Webtech consists mostly of these “morally bad” design decisions.
New web browsers cannot be written, nor can web browsers be maintained except by the three largest tech companies in the world, because postel’s law (along with the IETF policy of “loose consensus and running code”) has doomed all web standards to being enormous baroque messes of corner cases that can only be navigated by the chinese-army technique of throwing waves of cheap contractors at it. Since no single person can completely understand any W3C standard, no person can be sure that they are generating W3C-compliant code or markup, so they test using an existing dominant browser (or maybe two or three of them). Any new browser, even in the event that it happens to adhere to the W3C standard, is unlikely to behave exactly the same way as these dominant browsers, and so actually-existing code will look “broken” (even if it’s actually being interpreted correctly according to the standard). This is a moral failing: it leads inevitably to centralization.

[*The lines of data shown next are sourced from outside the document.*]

(* [phi] induces a group isomorphism
     Gamma(q1) / Gamma(q2)  ~=  (+)_{i < k} F_p[V]
   (first isomorphism theorem form): phi is a homomorphism from Gamma(q1)
   into the direct sum of k copies of F_p[V], onto it, with kernel Gamma(q2). *)
Definition induces_quotient_iso (R : comRingType) (n q1 q2 : nat)
    (V : eqType) (K : zmodType) (k : nat)
    (phi : 'M[R]_n -> 'I_k -> V -> K) : Prop :=
  [/\ (forall A, in_Gamma q1 A -> forall i, fin_supp (phi A i)),
      (forall A B, in_Gamma q1 A -> in_Gamma q1 B ->
          forall i v, phi (A *m B) i v = phi A i v + phi B i v),
      (forall A, in_Gamma q1 A ->
          ((forall i v, phi A i v = 0) <-> in_Gamma q2 A)) &
      (forall f : 'I_k -> V -> K, (forall i, fin_supp (f i)) ->
          exists A, in_Gamma q1 A /\ forall i v, phi A i v = f i v)].

From HB Require Import structures.
From mathcomp Require Import all_boot all_order all_fingroup all_algebra ring zify.
From Stdlib Require Import ClassicalEpsilon.
Set Implicit Arguments. Unset Strict Implicit. Unset Printing Implicit Defensive.
Import GRing.Theory Num.Theory.
Local Open Scope ring_scope.

(* Write A in Gamma(p^r) as A = 1 + p^r Y.  Since
   (1 + p^r Y)(1 + p^r Z) = 1 + p^r (Y + Z) mod p^(2r), reducing modulo p the
   coordinates (in the Z-basis) of the entries of Y is a homomorphism, whose
   kernel is Gamma(p^(r+1)); cancelling p^r is legitimate because R is
   torsion-free.  As det (1 + p^r Y) = 1 + p^r tr Y mod p^(2r), the trace of Y
   vanishes modulo p, so the last diagonal entry is determined by the others
   and n^2 - 1 entries suffice.  Every coordinate is reached separately:
   off-diagonal ones by elementary matrices 1 + p^r x e_ij, diagonal ones by
   conjugating an elementary matrix. *)

Section RingDivisibility.
Variable R : comPzRingType.

Definition dvdr (c x : R) : Prop := exists y, x = c * y.

Lemma dvdr0 c : dvdr c 0.
Proof. by exists 0; rewrite mulr0. Qed.

Lemma dvdrD c x y : dvdr c x -> dvdr c y -> dvdr c (x + y).
Proof. by move=> [x' ->] [y' ->]; exists (x' + y'); rewrite mulrDr. Qed.
Lemma sat_auto M s : is_auto M s -> forall p e, sat M (fun n => s (e n)) p <-> sat M e p.
Proof.
  intro Ha. pose proof Ha as [[s' Hs'] [_ Hr]].
  induction p as [| t u | r args | p IHp q IHq | p IHp]; cbn; intros e.
  - tauto.
  - rewrite !(eval_auto M s Ha). split; intro H; [|congruence].
    rewrite <- (proj2 (Hs' (eval M e t))), <- (proj2 (Hs' (eval M e u))). congruence.
  - replace (fun i => eval M (fun n => s (e n)) (args i)) with (fun i => s (eval M e (args i)));
      [apply Hr|].
    apply functional_extensionality; intro; rewrite (eval_auto M s Ha); auto.
  - rewrite IHp, IHq; tauto.
  - split; intros H d.
    + rewrite <- IHp. specialize (H (s d)).
      replace (fun n => s (scons d e n)) with (scons (s d) (fun n => s (e n))); auto.
      apply functional_extensionality; intros [|n]; reflexivity.
    + specialize (H (s' d)). rewrite <- IHp in H.
      replace (scons d (fun n => s (e n))) with (fun n => s (scons (s' d) e n)); auto.
      apply functional_extensionality; intros [|n]; cbn; auto. apply Hs'.
Qed.

Lemma sat_auto_image M s p k (a : nat -> M) b : is_auto M s -> bound (S k) p ->
  (forall i, i < k -> s (a i) = a i) -> sat M (scons b a) p -> sat M (scons (s b) a) p.
Proof.
  intros Ha Hb Hf H. rewrite <- (sat_auto M s Ha) in H.
  rewrite (sat_agree M p (S k) _ (scons (s b) a) Hb) in H; auto.
  intros [|i] Hi; cbn; auto. apply Hf; lia.
Qed.

Lemma conjugates_le_solutions M p k (a : nat -> M) b (cs : list M) :
  bound (S k) p -> sat M (scons b a) p -> NoDup cs ->
  (forall c, In c cs -> exists s, is_auto M s /\ (forall i, i < k -> s (a i) = a i) /\ s b = c) ->
  forall l, (forall c, sat M (scons c a) p -> In c l) -> length cs <= length l.
Proof.
  intros Hb Hs Hnd Hc l Hl. apply NoDup_incl_length; auto.
  intros c Hin. destruct (Hc c Hin) as [s [Ha [Hf <-]]]. apply Hl.
  eapply sat_auto_image; eauto.
Qed.

Lemma acl_n_mono M A n m b : acl_n M A n b -> n <= m -> acl_n M A m b.
Proof.
  intros [p [k [a [H1 [H2 [H3 [l [H4 H5]]]]]]]] Hnm.
  exists p, k, a; repeat split; auto. exists l; split; auto; lia.
Qed.

Lemma acl_n_intro M (A : M -> Prop) p (a : nat -> M) b l n :
  (forall i, A (a i)) -> sat M (scons b a) p -> length l <= n ->
  (forall c, sat M (scons c a) p -> In c l) -> acl_n M A n b.
Proof.
  intros HA Hs Hl Hc. destruct (bound_exists p) as [k Hk].
  exists p, k, a. repeat split; auto; [eapply bound_mono; eauto; lia|]. exists l; auto.
Qed.

Lemma acl_n_intro_noparam M (A : M -> Prop) p (a : nat -> M) b l n :
  bound 1 p -> sat M (scons b a) p -> length l <= n ->
  (forall c, sat M (scons c a) p -> In c l) -> acl_n M A n b.
Proof. intros Hb Hs Hl Hc. exists p, 0, a. repeat split; auto; [intros; lia|]. exists l; auto. Qed.

Lemma acl_n_acl M A n b : acl_n M A n b -> acl M A b.
Proof. intro; exists n; auto. Qed.

Lemma degA_exists M (A : M -> Prop) : (exists n, degA_is M A (dFin n)) \/ degA_is M A dInfty.
Proof.
  destruct (classic (exists n, 1 <= n /\ forall b, acl M A b <-> acl_n M A n b)) as [H|H].
  - left. destruct (dec_inh_nat_subset_has_unique_least_element _ (fun n => classic _) H)
      as [n [[[H1 H2] Hmin] _]].
    exists n. cbn. split; [auto|split; [auto|]]. intros m Hm1 Hm2. apply Hmin. auto.
  - right. cbn. intros n Hn Hb. apply H. eauto.
Qed.

End Theories.

Section AtMost.
Context {L : signature}.
Implicit Types (M : structure L) (p chi : formula L).

Fixpoint fExs (k : nat) p : formula L :=
  match k with 0 => p | S k => fEx (fExs k p) end.

Definition env_prefix {X} (k : nat) (f e : nat -> X) : nat -> X :=
  fun j => if j <? k then f j else e (j - k).

Lemma sat_fExs M k : forall p e,
  sat M e (fExs k p) <-> exists f : nat -> M, sat M (env_prefix k f e) p.
Proof.
  induction k as [|k IH]; intros p e; cbn [fExs].
  - assert (Hpre : forall f, env_prefix 0 f e = e)
      by (intro f; apply functional_extensionality; intro j; unfold env_prefix; cbn; f_equal; lia).
    split; [intro H; exists e|intros [f H]]; rewrite Hpre in *; exact H.
  - assert (Hpre : forall f, env_prefix k f (scons (f k) e) = env_prefix (S k) f e).
    { intro f. unfold env_prefix; apply functional_extensionality; intro j.
      destruct (Nat.ltb_spec j k), (Nat.ltb_spec j (S k)); try lia; auto.
      - replace j with k by lia. rewrite Nat.sub_diag. reflexivity.
      - replace (j - k) with (S (j - S k)) by lia. reflexivity. }
    rewrite sat_ex. split.
    + intros [d Hd]. rewrite IH in Hd. destruct Hd as [f Hf].
      exists (fun j => if j <? k then f j else d). rewrite <- Hpre.
      replace (env_prefix k (fun j => if j <? k then f j else d) _)
        with (env_prefix k f (scons d e)); [exact Hf|].
      unfold env_prefix; apply functional_extensionality; intro j.
      destruct (Nat.ltb_spec j k); rewrite ?Nat.ltb_irrefl; auto.
    + intros [f Hf]. exists (f k). rewrite IH. exists f. rewrite Hpre. exact Hf.
Qed.

Fixpoint fEqSome (s : nat) : formula L :=
  match s with 0 => fFalse | S s => fOr (fEq (tvar 0) (tvar (S s))) (fEqSome s) end.

Lemma sat_fEqSome M s : forall e, sat M e (fEqSome s) <-> exists j, 1 <= j <= s /\ e 0 = e j.
Proof.
  induction s as [|s IH]; intros e; cbn [fEqSome].
  - cbn. split; [tauto|]. intros [j [? _]]; lia.
  - rewrite sat_or, IH. cbn. split.
    + intros [H|[j [Hj H]]]; [exists (S s)|exists j]; split; auto; lia.
    + intros [j [Hj H]]. destruct (Nat.eq_dec j (S s)) as [->|]; [auto|].
      right; exists j; split; auto; lia.
Qed.

(* [fAtMost s chi] says: there are [x_1, ..., x_s] covering every [x_0] satisfying [chi];
   the renaming makes room for the [s] quantified variables below the parameters of [chi]. *)
Definition at_most_ren (s : nat) (n : nat) : nat :=
  match n with 0 => 0 | S j => S (j + s) end.

Definition fAtMost (s : nat) chi : formula L :=
  fExs s (fAll (fImp (frename (at_most_ren s) chi) (fEqSome s))).

Lemma sat_fAtMost M s chi e :
  sat M e (fAtMost s chi) <-> exists l, length l = s /\ forall z, sat M (scons z e) chi -> In z l.
Proof.
  unfold fAtMost. rewrite sat_fExs.
  assert (Hren : forall f z, (fun n => scons z (env_prefix s f e) (at_most_ren s n)) = scons z e).
  { intros f z. apply functional_extensionality; intros [|n]; cbn; auto. unfold env_prefix.
    destruct (Nat.ltb_spec (n + s) s); try lia. f_equal; lia. }
  split.
  - intros [f Hf]. exists (map f (seq 0 s)). rewrite length_map, length_seq. split; auto.
    intros z Hz. specialize (Hf z). cbn [sat] in Hf. rewrite sat_rename, Hren, sat_fEqSome in Hf.
    destruct (Hf Hz) as [[|j] [Hj Hz']]; [lia|]. cbn in Hz'. unfold env_prefix in Hz'.
    destruct (Nat.ltb_spec j s); try lia. rewrite Hz'. apply in_map, in_seq. lia.
  - intros [l [Hl Hc]]. exists (fun j => nth j l (e 0)). intros z Hz.
    rewrite sat_rename, Hren in Hz. rewrite sat_fEqSome.
    destruct (In_nth l z (e 0) (Hc z Hz)) as [j [Hj Hn]]. exists (S j). split; [lia|].
    cbn. unfold env_prefix. destruct (Nat.ltb_spec j s); try lia. auto.
Qed.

Using hostnames as part of the identifier for a piece of data leads inevitably to centralization as well. Your host must be beefy enough to take whatever traffic it gets. You cannot rely upon the caches of your peers (like in bittorrent or IPFS). So you need to pay to rent a beefy machine, pay for a domain name so you can switch to a beefier machine or load balance between several, etc. It’s protocol-enforced rentseeking.
Using XML at all leads inevitably to centralization. XML is complex enough that parsing it properly is difficult — so use a “proven” or “trusted” parser (nevermind whether you like any of the existing parsers, or if they are too heavy; you don’t have 10 free years to write your own). XML is bloated, so if you are using it for anything nontrivial, you need an even beefier machine to serve it.
HTTP is also bloated and over-complex in the same way. And don’t get me started on certificates and certificate chains. Or fucking DNS.
It doesn’t take a genius to come up with better formats than these for the same applications. These aren’t inherently-complex problems. These are relatively simple problems with obvious and straightforward solutions that the industry collectively ignored in favor of obviously-bad solutions that a couple famous people promoted.
Choosing an awkward and complex solution where a simple one will do is also a centralizing/rentseeking tactic. It’s a kind of gatekeeping-via-technical-debt.
If you write your application as a 10 line shell script, somebody who doesn’t know shell can still figure out how it works in an afternoon; if you write the same application as a ten thousand line Enterprise Java Microservice Architecture, not only will it be slower and worse but it will also be completely impenetrable to anybody who didn’t get a four year degree and spend it imbibing java enterprise bullshit (and even then, it’ll take them six months to get even a vague idea of how it works and a couple years to be comfortable changing anything).